Each line in the entries that has the word "Require" has to be copied.

--- Working data ---

(* Let $G=S_\infty$ and $m<\omega$. (a) If $M\subseteq S(G)$ is a minimal subflow, then $\phi(\mathcal{F}^M_m)$ is a thick ultrafilter on $[\omega]^m$. (b) Conversely, if $p$ is a thick ultrafilter on $[\omega]^m$, then $\{\phi^{-1}(T):T\in p\}$ generates a maximal thick filter on $H_m$, and hence there is a minimal subflow $M\subseteq S(G)$ with $p=\phi(\mathcal{F}^M_m)$.
   Context: View $S_\infty$ as the automorphism group of $\omega$ in the empty language with $\mathbf{A}_n=n=\{0,\dots,n-1\}$; $H_n$ is the set of injections $n\to\omega$, written as tuples $(s_0,\dots,s_{n-1})$, and $\mathrm{Emb}(\mathbf{A}_m,\mathbf{A}_n)$ the set of injections $m\to n$. $S(G)$ is the inverse limit of the spaces $\beta H_n$ of ultrafilters along the continuous extensions of restriction maps $H_n\to H_m$; $\alpha(n)$ denotes the $n$-th coordinate. Right $G$-action: for $S\subseteq H_m$, $S\in(\alpha g)(m)$ iff $\{x\in H_n:x\circ g|_m\in S\}\in\alpha(n)$, for $n$ with $g(\{0,..,m-1\})\subseteq n$. A minimal subflow is a nonempty closed $G$-invariant subset containing no proper such subset. For closed $Y$, $\mathcal{F}^Y_m=\{T\subseteq H_m:T\in\alpha(m)\ \forall\alpha\in Y\}$. $T\subseteq H_m$ is thick if for every $n\geq m$ there is $s\in H_n$ with $s\circ\mathrm{Emb}(\mathbf{A}_m,\mathbf{A}_n)\subseteq T$; $T\subseteq[\omega]^m$ is thick if for every $n\geq m$ there is $s\in[\omega]^n$ with $[s]^m\subseteq T$. A thick filter (ultrafilter) is one all of whose members are thick; a maximal thick filter is one maximal among thick filters. $\phi:H_m\to[\omega]^m$ is $\phi(y_0,\dots,y_{m-1})=\{y_0,\dots,y_{m-1}\}$, and for a filter $\mathcal{F}$ on $H_m$, $\phi(\mathcal{F})=\{T\subseteq[\omega]^m:\phi^{-1}(T)\in\mathcal{F}\}$. *)

From mathcomp Require Import all_boot.
From mathcomp Require Import finmap.

Set Implicit Arguments.
Unset Strict Implicit.
Unset Printing Implicit Defensive.

Local Open Scope fset_scope.

Definition pset (T : Type) := T -> Prop.

(* H_n : injections n -> omega, written as duplicate-free tuples (s_0,...,s_{n-1}). *)
Definition H (n : nat) := {s : seq nat | (size s == n) && uniq s}.

Definition inH (m : nat) (S : pset (H m)) (s : seq nat) : Prop :=
  exists y : H m, S y /\ val y = s.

---

▶ Response area
From mathcomp Require Import all_boot.
From mathcomp Require Import finmap.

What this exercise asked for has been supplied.